Given that 111 × 11 = m, without using calculator and using this information,

(a) find 0.0111 × 220 in terms of m,

(b) evaluate m/5.55 .

So far, you have:

0.0111 = 1/10000 × 111

220 = 2 × 110

Now, I don’t know exactly what you have learned about writing mathematical expressions or about such things as commutative and associative properties. It might help if you can tell me what you have been learning – I do not recall if you told Doctor Fenton anything about this. But I will try some things and you can tell me if they are familiar to you.

For (a), we want an expression “in terms of m”. Since m = 111 × 11, we’d like to rewrite 0.0111 × 220 as 111 × 11 × (some numbers). It’s helpful to keep our goal in mind as we work.

So far, you have found that we can replace each number in 0.0111 × 220 as follows:

    0.0111      ×    220    becomes

(1/10000 × 111) × (2 × 110)

Do you see what I did here? If you have learned about changing the order and grouping of numbers in a product, then you will understand that this next version of the expression has the same value as the one above:

(1/10000 × 2) × (111 × 110)

Do you notice that we are closer to what we want, but not quite there yet? What more needs to be done? Can you do it?

We have the 111, but not the 11 we need to have; when we have that, we’ll be able to replace $$(111\times 11)$$ with m.

Almost there

So I tried it and I replaced the 111×110 with m. Is this correct? Can I write the answer and decimal?

(A little detail I notice here is that Conrad has done something I often recommend to students who struggle a little with fractions: writing whole numbers at the same height as the numerators, as a reminder that, for example, $$111$$ can be thought of as $$\frac{111}{1}$$, so that it only multiplies the numerator of the fraction next to it. But the result here, with the multiplication represented by a cross, almost looks like $$\frac{1}{1000}x^2$$ instead of $$\frac{1}{1000}\times 2$$! Conrad will soon have to stop using that multiplication symbol, once “x” becomes common in his algebra. But the problem still uses it.)

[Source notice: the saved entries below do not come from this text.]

(* Fix an attacker label $A\in\mathcal{L}$. For all partial bijections $\beta$, all initial configurations $c_1,c_2$ of $\lambda^{dCG}$ extended with flow-sensitive references (either both of the form $\langle\Sigma,\mu,pc,e\rangle$ evaluated by the forcing semantics or both of the form $\langle\Sigma,\mu,pc,t\rangle$ evaluated by the thunk semantics) and environments $\theta_1,\theta_2$ with $\vdash\mathbf{Valid}(c_1,\theta_1)$, $\vdash\mathbf{Valid}(c_2,\theta_2)$, $c_1\approx^\beta_A c_2$ and $\theta_1\approx^\beta_A\theta_2$: if $c_1\Downarrow^{\theta_1}c_1'$ and $c_2\Downarrow^{\theta_2}c_2'$, then there exists a partial bijection $\beta'\supseteq\beta$ such that $c_1'\approx^{\beta'}_A c_2'$.
   Context: Fix a lattice $(\mathcal{L},\sqsubseteq,\sqcup)$ of labels. The calculus has types $\tau::=\mathbf{unit}\mid\tau_1\to\tau_2\mid\tau_1+\tau_2\mid\tau_1\times\tau_2\mid\mathcal{L}\mid\mathbf{LIO}\,\tau\mid\mathbf{Labeled}\,\tau\mid\mathbf{Ref}\,s\,\tau$, $s\in\{I,S\}$ (standard simple typing; the tag $s$ determines which reference rules apply), values $v::=()\mid(x.e,\theta)\mid\mathbf{inl}(v)\mid\mathbf{inr}(v)\mid(v_1,v_2)\mid\ell\mid\mathbf{Labeled}\,\ell\,v\mid(t,\theta)\mid n_\ell\mid n$ ($n_\ell$ flow-insensitive reference into memory $\ell$, $n$ flow-sensitive heap address), expressions $e::=x\mid\lambda x.e\mid e_1\,e_2\mid()\mid\ell\mid(e_1,e_2)\mid\mathbf{fst}(e)\mid\mathbf{snd}(e)\mid\mathbf{inl}(e)\mid\mathbf{inr}(e)\mid\mathbf{case}(e,x.e_1,x.e_2)\mid e_1\sqsubseteq^{?}e_2\mid t$, thunks $t::=\mathbf{return}(e)\mid\mathbf{bind}(e,x.e)\mid\mathbf{unlabel}(e)\mid\mathbf{toLabeled}(e)\mid\mathbf{labelOf}(e)\mid\mathbf{getLabel}\mid\mathbf{taint}(e)\mid\mathbf{new}(e)\mid\,!e\mid e_1:=e_2\mid\mathbf{labelOfRef}(e)$; environments are finite maps from variables to values. Memories are lists of values, a store $\Sigma$ maps each label to a memory, a heap $\mu$ is a list of values of the form $\mathbf{Labeled}\,\ell\,v$; $|X|$, $X[n]$, $X[n\mapsto y]$ denote length, $n$-th entry (from 0), replacement (append if $n=|X|$). Pure semantics $e\Downarrow^\theta v$: $x\Downarrow\theta(x)$; $()\Downarrow()$; $\ell\Downarrow\ell$; $\lambda x.e\Downarrow(x.e,\theta)$; $t\Downarrow(t,\theta)$; $e_1\,e_2\Downarrow v$ if $e_1\Downarrow^\theta(x.e,\theta')$, $e_2\Downarrow^\theta v_2$, $e\Downarrow^{\theta'[x\mapsto v_2]}v$; pairs, projections, injections componentwise; $\mathbf{case}(e,x.e_1,x.e_2)\Downarrow v$ if $e\Downarrow\mathbf{inl}(v_1)$ and $e_1\Downarrow^{\theta[x\mapsto v_1]}v$, or $e\Downarrow\mathbf{inr}(v_2)$ and $e_2\Downarrow^{\theta[x\mapsto v_2]}v$; $e_1\sqsubseteq^?e_2$ evaluates both to labels $\ell_1,\ell_2$ and yields $\mathbf{inl}(())$ if $\ell_1\sqsubseteq\ell_2$, else $\mathbf{inr}(())$. Forcing semantics: $\langle\Sigma,\mu,pc,e\rangle\Downarrow^\theta\langle\Sigma',\mu',pc',v\rangle$ iff $e\Downarrow^\theta(t,\theta')$ and $\langle\Sigma,\mu,pc,t\rangle\Downarrow^{\theta'}\langle\Sigma',\mu',pc',v\rangle$. Thunk semantics (store/heap unchanged unless stated): (Return) $e\Downarrow^\theta v$ gives $\langle\Sigma,\mu,pc,v\rangle$. (Bind) forcing $e_1$ from $\langle\Sigma,\mu,pc\rangle$ gives $\langle\Sigma',\mu',pc',v_1\rangle$, forcing $e_2$ in $\theta[x\mapsto v_1]$ from $\langle\Sigma',\mu',pc'\rangle$ gives the result. (ToLabeled) forcing $e$ gives $\langle\Sigma',\mu',pc',v\rangle$; result $\langle\Sigma',\mu',pc,\mathbf{Labeled}\,pc'\,v\rangle$. (Unlabel) $e\Downarrow\mathbf{Labeled}\,\ell\,v$; result $\langle\Sigma,\mu,pc\sqcup\ell,v\rangle$. (LabelOf) $e\Downarrow\mathbf{Labeled}\,\ell\,v$; result $\langle\Sigma,\mu,pc\sqcup\ell,\ell\rangle$. (GetLabel) $\langle\Sigma,\mu,pc,pc\rangle$. (Taint) $e\Downarrow\ell$; result $\langle\Sigma,\mu,pc\sqcup\ell,()\rangle$. For $\mathbf{Ref}\,I$: (New) $e\Downarrow\mathbf{Labeled}\,\ell\,v$, $pc\sqsubseteq\ell$, $n=|\Sigma(\ell)|$: result $n_\ell$ with store $\Sigma[\ell\mapsto\Sigma(\ell)[n\mapsto v]]$; (Read) $e\Downarrow n_\ell$, $\Sigma(\ell)[n]=v$: result $\langle\Sigma,\mu,pc\sqcup\ell,v\rangle$; (Write) $e_1\Downarrow n_{\ell_1}$, $e_2\Downarrow\mathbf{Labeled}\,\ell_2\,v$, $\ell_2\sqsubseteq\ell_1$, $pc\sqsubseteq\ell_1$: result $()$ with store $\Sigma[\ell_1\mapsto\Sigma(\ell_1)[n\mapsto v]]$; (LabelOfRef) $e\Downarrow n_\ell$: result $\langle\Sigma,\mu,pc\sqcup\ell,\ell\rangle$. For $\mathbf{Ref}\,S$: (New-FS) $e\Downarrow\mathbf{Labeled}\,\ell\,v$, $pc\sqsubseteq\ell$, $n=|\mu|$: result $n$ with heap $\mu[n\mapsto\mathbf{Labeled}\,\ell\,v]$; (Read-FS) $e\Downarrow n$, $\mu[n]=\mathbf{Labeled}\,\ell\,v$: result $\langle\Sigma,\mu,pc\sqcup\ell,v\rangle$; (LabelOfRef-FS) $e\Downarrow n$, $\mu[n]=\mathbf{Labeled}\,\ell\,v$: result $\langle\Sigma,\mu,pc\sqcup\ell,\ell\rangle$; (Write-FS) $e_1\Downarrow n$, $e_2\Downarrow\mathbf{Labeled}\,\ell'\,v$, $\mu[n]=\mathbf{Labeled}\,\ell\,v_0$, $pc\sqsubseteq\ell$: result $()$ with heap $\mu[n\mapsto\mathbf{Labeled}\,(pc\sqcup\ell')\,v]$. Final configurations are $\langle\Sigma,\mu,pc,v\rangle$. A partial bijection is a finite injective partial function $\beta:\mathbb N\rightharpoonup\mathbb N$; $\beta\subseteq\beta'$ is inclusion of graphs. $A$-equivalence up to $\beta$ on values: $\mathbf{Labeled}\,\ell\,v_1\approx^\beta_A\mathbf{Labeled}\,\ell\,v_2$ if $\ell\sqsubseteq A$ and $v_1\approx^\beta_A v_2$; $\mathbf{Labeled}\,\ell_1\,v_1\approx^\beta_A\mathbf{Labeled}\,\ell_2\,v_2$ if $\ell_1,\ell_2\not\sqsubseteq A$; $()$, labels: equal; injections and pairs homomorphically; function and thunk closures related if bodies are $\alpha$-equivalent and environments are related (same domain, pointwise); $n_\ell\approx n_\ell$ if $\ell\sqsubseteq A$; $(n_1)_{\ell_1}\approx(n_2)_{\ell_2}$ if $\ell_1,\ell_2\not\sqsubseteq A$; heap addresses $n_1\approx^\beta_A n_2$ iff $\beta(n_1)=n_2$. Memories at label $\ell$: always related if $\ell\not\sqsubseteq A$, else same length and pointwise related; stores pointwise. Heaps: $\mu_1\approx^\beta_A\mu_2$ iff $\mathrm{dom}(\beta)\subseteq\{0,\dots,|\mu_1|-1\}$, $\mathrm{rng}(\beta)\subseteq\{0,\dots,|\mu_2|-1\}$, and $\mu_1[n_1]\approx^\beta_A\mu_2[n_2]$ whenever $\beta(n_1)=n_2$. Initial configurations related iff stores and heaps related up to $\beta$, program counters equal, and expressions (resp. thunks) $\alpha$-equivalent. Final configurations $\langle\Sigma_1,\mu_1,pc_1,v_1\rangle\approx^\beta_A\langle\Sigma_2,\mu_2,pc_2,v_2\rangle$ iff stores and heaps are related up to $\beta$ and either $pc_1,pc_2\not\sqsubseteq A$, or $pc_1=pc_2\sqsubseteq A$ and $v_1\approx^\beta_A v_2$. Validity: $n\vdash\mathbf{Valid}(x)$ means every flow-sensitive heap address occurring in $x$ (including inside closures' environments and labeled values) is $<n$. $\vdash\mathbf{Valid}(\langle\Sigma,\mu,pc,e\rangle,\theta)$ (likewise with a thunk) iff with $n=|\mu|$: $n\vdash\mathbf{Valid}(\Sigma)$, $n\vdash\mathbf{Valid}(\mu)$, $n\vdash\mathbf{Valid}(\theta)$. *)

(* Calculus lambda^{dCG} with flow-insensitive (Ref I) and
   flow-sensitive (Ref S) references; de Bruijn indices for variables. *)
From Stdlib Require List.
From HB Require Import structures.
From mathcomp Require Import all_boot all_order.
Set Implicit Arguments. Unset Strict Implicit. Unset Printing Implicit Defensive.
Import Order.LTheory.
Local Open Scope order_scope.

Most of this, though, is good.

Rick:

So I tried it and I replaced the 111×110 with m. Is this correct?

No, that’s not correct, because the problem stated that m = 111 × 11, not 111 × 110.

But just as you wrote 0.0111 as a power of ten times 111, you can write 110 as a power of ten times 11. Keep going, you’re almost there but not done yet.

Can I write the answer and decimal?

I’m not sure what you mean here. You will be able to write the answer as a single decimal number times m, if that’s what you mean.

Finishing it off

Part (a) asks us to “find $$0.0111\times 220$$ in terms of m, given that $$111\times 11 = m$$”. Conrad found that $$0.0111 = 111\times \frac{1}{10000}$$. We can also go one step further than he did, and say that $$220=2\times 11\times 10$$. (I’m not combining 2 and 10 for a reason.)
Now we can put it together: $$0.0111\times 220 = \left(111\times \frac{1}{10000}\right)\times\left(2\times 11\times 10\right) =\\ \left(111\times 11\right)\times 2\times\left(\frac{1}{10000}\times 10\right) =\\ m\times 2\times\left(\frac{10}{10000}\right) = \frac{2m}{1000} = \frac{m}{500}$$
Part (b) asks for $$\frac{m}{5.55}$$, not in terms of m (as it already is), but just as a number. So we will be using the fact that $$111\times 11 = m$$ immediately. We can also see that $$5.55 = 555\times \frac{1}{100} = 111\times 5\times \frac{1}{100}$$ Therefore, $$\frac{m}{5.55} = \frac{111\times 11}{5\times 111\times \frac{1}{100}}$$ Now, what can we do with this? We can cancel 111 from the numerator and the denominator; that gives us $$\frac{11}{5\times \frac{1}{100}}$$ Now we can multiply the numerator and denominator by 100 to eliminate the fraction in the denominator: $$\frac{11\times 100}{5}$$ Finally (I think this is the trick Doctor Rick had in mind) we can multiply the numerator and denominator by 2 to turn that 5 into a 10: $$\frac{2\times 11\times 100}{2\times 5} = \frac{22\times 100}{10} = 22/times 10 = 220$$
And in fact, since we really knew all along that $$m=1221$$, we can calculate $$\frac{m}{5.55} = \frac{1221}{5.55} = 220$$ with a calculator. But what we did required less actual calculation (though it took more thinking).